The Supreme Court confirms that the community can demand to remove the terrace of a bar if it occupies common areas, even if the bar is rented and the business is owned by a tenant

The Supreme Court confirms that the community can demand to remove the terrace of a bar if it occupies common areas, even if the bar is rented and the business is owned by a tenant

Neighboring communities that have a bar on the ground floor of the building should know that they can demand the removal of the terrace when it occupies common land, even if the premises are rented and whoever operates the business is a tenant. The Supreme Court has confirmed a ruling in which it supports that the community sue not only the owner of the premises, but also the tenant who was using that space to place tables, chairs, barrels, umbrellas and other elements of the bar.

The failure key (to which you have had access NewsWork) is that the Supreme Court distinguishes two situations. On the one hand, the person usually responsible for the community is the owner of the premises. But, on the other hand, when the person who is actually occupying the common area is the tenant, the community can also claim against him to stop that occupation. That is why the ruling indicates that “the community of owners exercises a real action in defense of a common element.”

That is to say, it is not enough to hide behind the fact that the bar is rented or that the person who operates the activity does not own the premises. If it is the tenant who is occupying the common element, the community can also direct action against him to recover that space.

The community agreement was firm and was not appealed

The case stems from a community of owners who had agreed in a meeting to withdraw the authorization to place terrace elements in an area of ​​community ownership. The lawsuit requested the removal of “chairs, tables, barrels or any other element” installed in that space. In the first instance, they did not agree, but later, the Provincial Court agreed with the community and that decision has been supported by the Supreme Court.

One of the things that stands out the most is that the board’s agreement was not challenged by the owner of the premises within the legal period. For this reason, the Supreme Court emphasizes that this agreement “achieved firmness, became intangible and is mandatory.” This is key, because it makes it clear that, once it was signed, it could no longer be ignored or made void due to the simple fact that the operation of the bar was in the hands of a third party.

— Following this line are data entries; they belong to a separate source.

(* Let $V=\{1,\dots,p\}$ and $F:2^V\to\mathbb{R}$ be submodular, nondecreasing, with $F(\varnothing)=0$ and $F(\{k\})>0$ for all $k$. Let $\Omega(w)=f(|w|)$ with $f$ the Lovász extension of $F$. Let $w\in\mathbb{R}^p$ with support $J=\mathrm{Supp}(w)$ and let $H$ be the smallest stable set containing $J$. Then, identifying $\mathbb{R}^V=\mathbb{R}^J\times\mathbb{R}^{H\setminus J}\times\mathbb{R}^{H^c}$, the subdifferential of $\Omega$ at $w$ is $$\partial\Omega(w)=\partial\Omega_J(w_J)\times\{0\}\times\{s_{H^c}\in\mathbb{R}^{H^c}:(\Omega^H)^\ast(s_{H^c})\leqslant1\}.$$
   Context: The Lovász extension of a set-function $G$ on a finite set $W$: for $w\in\mathbb{R}_+^W$ with $w_{j_1}\geqslant\cdots\geqslant w_{j_m}\geqslant0$, it equals $\sum_k w_{j_k}[G(\{j_1,\dots,j_k\})-G(\{j_1,\dots,j_{k-1}\})]$. A set $A\subset V$ is stable if every strict superset $B\supsetneq A$ has $F(B)>F(A)$; stable sets are closed under intersection and $V$ is stable, so the smallest stable set containing $J$ exists. For $K\subset V$: $\Omega_K(u)=f_K(|u|)$ on $\mathbb{R}^K$, where $f_K$ is the Lovász extension of the restriction $F_K(A)=F(A)$, $A\subset K$; $\Omega^K(v)=f^K(|v|)$ on $\mathbb{R}^{K^c}$, where $f^K$ is the Lovász extension of the contraction $F^K(A)=F(A\cup K)-F(K)$, $A\subset K^c$; $(\Omega^H)^\ast(s)=\max\{s^\top v:\Omega^H(v)\leqslant1\}$ is the dual norm of $\Omega^H$. *)

From HB Require Import structures.
From mathcomp Require Import all_boot all_order all_algebra.
From mathcomp Require Import classical_sets reals.
Set Implicit Arguments. Unset Strict Implicit. Unset Printing Implicit Defensive.
Import Order.TTheory GRing.Theory Num.Theory.
Local Open Scope ring_scope.


(* A vector of R^W (W a subset of V) is represented by
   a function 'I_p -> R of which only the coordinates in W are read. *)

Section Lovasz.
Variables (R : realType) (p : nat).

Fixpoint lovasz_aux (G : {set 'I_p} -> R) (w : 'I_p -> R)
    (prefix : {set 'I_p}) (s : seq 'I_p) : R :=
  match s with
  | [::] => 0
  | j :: s' => w j * (G (j |: prefix) - G prefix)
               + lovasz_aux G w (j |: prefix) s'
  end.

Definition lovasz (W : {set 'I_p}) (G : {set 'I_p} -> R) (w : 'I_p -> R) : R :=
  lovasz_aux G w finset.set0 (sort (fun i j => w j <= w i) (enum W)).

Definition vabs (w : 'I_p -> R) : 'I_p -> R := fun i => `|w i|.

Definition Omega (F : {set 'I_p} -> R) (w : 'I_p -> R) : R :=
  lovasz [set: 'I_p] F (vabs w).

Definition Omega_restr (F : {set 'I_p} -> R) (K : {set 'I_p})
    (u : 'I_p -> R) : R :=
  lovasz K F (vabs u).

Definition Omega_contr (F : {set 'I_p} -> R) (K : {set 'I_p})
    (v : 'I_p -> R) : R :=
  lovasz (~: K) (fun A => F (A :|: K) - F K) (vabs v).

Definition subdiff (W : {set 'I_p}) (g : ('I_p -> R) -> R) (w : 'I_p -> R)
  : set ('I_p -> R) :=
  (fun s => forall v : 'I_p -> R,
      g w + \sum_(i in W) s i * (v i - w i) <= g v).

Definition dual_Omega_contr (F : {set 'I_p} -> R) (H : {set 'I_p})
    (s : 'I_p -> R) : R :=
  sup (fun x : R => exists2 v : 'I_p -> R,
          Omega_contr F H v <= 1 & x = \sum_(i in ~: H) s i * v i).

Definition submodular (F : {set 'I_p} -> R) :=
  forall A B : {set 'I_p}, F (A :|: B) + F (A :&: B) <= F A + F B.

Definition nondecreasing_setfun (F : {set 'I_p} -> R) :=
  forall A B : {set 'I_p}, A \subset B -> F A <= F B.

Definition stable (F : {set 'I_p} -> R) (A : {set 'I_p}) :=
  forall B : {set 'I_p}, A \proper B -> F A < F B.

Definition supp (w : 'I_p -> R) : {set 'I_p} := [set i | w i != 0].

Definition smallest_stable_containing (F : {set 'I_p} -> R)
    (J H : {set 'I_p}) :=
  [/\ stable F H, J \subset H &
      forall A : {set 'I_p}, stable F A -> J \subset A -> H \subset A].

End Lovasz.

From HB Require Import structures.
From mathcomp Require Import all_boot all_order all_algebra.
From mathcomp Require Import classical_sets reals.
From mathcomp Require Import ring lra.
From mathcomp Require Import fintype finset.
Set Implicit Arguments. Unset Strict Implicit. Unset Printing Implicit Defensive.
Import Order.TTheory GRing.Theory Num.Theory.
Local Open Scope ring_scope.

(* On nonnegative vectors the Lovasz extension f of a submodular G with
   G(empty) = 0 is the support function of the polyhedron
   P(G) = {t | t(A) <= G(A) for all A}: the greedy vector along a
   nonincreasing ordering of x lies in P(G) and attains f(x), and Abel
   summation along that ordering gives t.x <= f(x) for every t in P(G), with
   equality forcing t({x > 0}) = G({x > 0}).  Hence s is a subgradient of
   Omega at w iff |s| is in P(F) and s.w = Omega(w).  As F(H) = F(J) for the
   smallest stable H containing J, submodularity splits "|s| in P(F) and
   |s|(J) = F(J)" into |s| in P(F_J), s = 0 on H \ J and |s| in P(F^H), and
   the last condition is (Omega^H)^*(s) <= 1.  That dual norm is a genuine
   supremum because stability of H makes F^H positive on singletons. *)

Section Lovasz.
Variables (R : realType) (p : nat).
Implicit Types (G : {set 'I_p} -> R) (W J A P : {set 'I_p}) (s : seq 'I_p).
Implicit Types (t x : 'I_p -> R).

Definition in_polyhedron W G t := forall A, A \subset W -> \sum_(i in A) t i <= G A.

Fixpoint greedy G P s i : R :=
  if s is j :: s' then
    if i == j then G (j |: P) - G P else greedy G (j |: P) s' i
  else 0.

Lemma lovasz_auxE G x P s :
  uniq s -> lovasz_aux G x P s = \sum_(i <- s) greedy G P s i * x i.
Proof.
elim: s P => [|j s IH] P /=; first by rewrite big_nil.
move=> /andP[js us]; rewrite big_cons eqxx IH // mulrC; congr (_ + _).
by apply: eq_big_seq => i si; rewrite ifN //; apply: contraNneq js => <-.
Qed.

Lemma greedy_cat G P s1 s2 i :
  i \in s1 -> greedy G P (s1 ++ s2) i = greedy G P s1 i.
Proof.
elim: s1 P => [|j s IH] P //=.
by rewrite inE; case: eqP => // _ /= /IH.
Qed.

Lemma greedy_sum_le G P A s : submodular G -> uniq s ->
  \sum_(i <- s | i \in A) greedy G P s i <=
    G (A :&: (P :|: [set i | i \in s])) - G (A :&: P).
Proof.
move=> Gsub; elim: s P => [|j s IH] P /=.
  by rewrite big_nil (_ : [set i | i \in [::]] = set0) ?setU0 ?subrr // -setP.
move=> /andP[js us]; rewrite big_cons eqxx.
have -> : \sum_(i <- s | i \in A) greedy G P (j :: s) i =
          \sum_(i <- s | i \in A) greedy G (j |: P) s i.
  rewrite big_seq_cond [RHS]big_seq_cond; apply: eq_bigr => i /andP[si _] /=.
  by rewrite ifN //; apply: contraNneq js => <-.
have -> : P :|: [set i | i \in j :: s] = (j |: P) :|: [set i | i \in s].
  by apply/setP => i; rewrite !inE orbA [(i == j) || _]orbC.
have {}IH := IH (j |: P) us.
case: ifP => jA; last first.
  rewrite (_ : A :&: (j |: P) = A :&: P) // in IH.
  by apply/setP => i; rewrite !inE; case: eqP => // ->; rewrite jA.
have E1 : P :|: A :&: (j |: P) = j |: P.
  apply/setP => i; rewrite !inE; case: eqP => [->|_] /=; first by rewrite jA orbT.
  by case: (i \in P); rewrite ?andbF.
have E2 : P :&: (A :&: (j |: P)) = A :&: P.
  by apply/setP => i; rewrite !inE; case: (i \in P); case: (i \in A); rewrite /= ?orbT.
have := Gsub P (A :&: (j |: P)); rewrite E1 E2; lra.
Qed.

Lemma greedy_in_polyhedron G W s : submodular G -> G set0 = 0 ->
  uniq s -> {subset W <= s} -> in_polyhedron W G (greedy G set0 s).
Proof.
move=> Gsub G0 us Ws A AW; have := greedy_sum_le set0 A Gsub us.
rewrite setI0 G0 subr0 set0U (_ : A :&: _ = A); last first.
  by apply/setIidPl/subsetP => i /(subsetP AW) /Ws; rewrite inE.
rewrite -big_filter big_uniq ?filter_uniq // (eq_bigl (mem A)) // => i.
by rewrite mem_filter andb_idr // => /(subsetP AW) /Ws.
Qed.

Definition desc_enum W x := sort (fun i j => x j <= x i) (enum W).

Lemma desc_enum_uniq W x : uniq (desc_enum W x).
Proof. by rewrite sort_uniq enum_uniq. Qed.

Lemma mem_desc_enum W x : desc_enum W x =i W.
Proof. by move=> i; rewrite mem_sort mem_enum. Qed.

Lemma desc_enum_sorted W x : sorted (fun i j => x j <= x i) (desc_enum W x).
Proof. by apply: sort_sorted => i j; exact: le_total. Qed.

Lemma big_desc_enum W x (f : 'I_p -> R) :
  \sum_(i <- desc_enum W x) f i = \sum_(i in W) f i.
Proof.
by rewrite big_uniq ?desc_enum_uniq //; apply: eq_bigl => i; rewrite mem_desc_enum.
Qed.

Section LovaszGap.
Variables (G : {set 'I_p} -> R) (W : {set 'I_p}) (t x : 'I_p -> R).
Hypotheses (tW : in_polyhedron W G t) (x_ge0 : forall i, i \in W -> 0 <= x i).

(* [s] continues a nonincreasing enumeration of [W] that has already visited
   [P] and whose last value was [c]. *)
Definition desc_walk P c s := [/\ uniq s, P \subset W, {subset s <= W :\: P},
  0 <= c & path >=%R c [seq x i | i <- s]].

Lemma desc_walk_cons P c j s : desc_walk P c (j :: s) ->
  [/\ j \notin P, x j <= c & desc_walk (j |: P) (x j) s].
Proof.
case=> /andP[js us] PW sW c0 /andP[xjc pth].
have /setDP[jW jP] : j \in W :\: P by apply: sW; rewrite mem_head.
split=> //; split=> //; last exact: x_ge0.
- by rewrite subUset sub1set jW.
- move=> i si; have /setDP[iW iP] : i \in W :\: P by apply: sW; rewrite inE si orbT.
  rewrite !inE negb_or iW iP !andbT; apply: contraNneq js => <-; exact: si.
Qed.

(* Abel summation of [lovasz_aux - t.x] along a descending walk: each step adds
   [(c - x j) * (G P - t(P)) >= 0], [c] being the previous value of [x]. *)
Definition lovasz_gap P c s :=
  lovasz_aux G x P s + c * (G P - \sum_(i in P) t i) - \sum_(i <- s) t i * x i.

Furthermore, the ruling adds a very clear idea: “if the landlord, owner of the premises, is not authorized to occupy the common space, currently used for the operation of the bar, the appellant tenant will lack the right to use it.” That is, the tenant cannot have more rights than the owner from whom he derives his possession.

The tenant cannot challenge the meeting, but can be convicted

The Supreme Court also explains another common situation in these conflicts. The tenant maintained that she was not entitled to bear the sentence, but the court only partially agrees with her. He admits that “it is only the owners” who can challenge board agreements in accordance with article 18.2 of the Horizontal Property Law (can be consulted in this BOE). But that does not prevent the tenant from being sued when he is the one who physically occupies the common area.

In short, the community can demand that the terrace of a bar be removed when it occupies common areas, even if the premises are rented. And it can also do so with respect to the tenant who operates the business, because one thing is who can appeal a community agreement and quite another who is actually using the space that must be left vacant.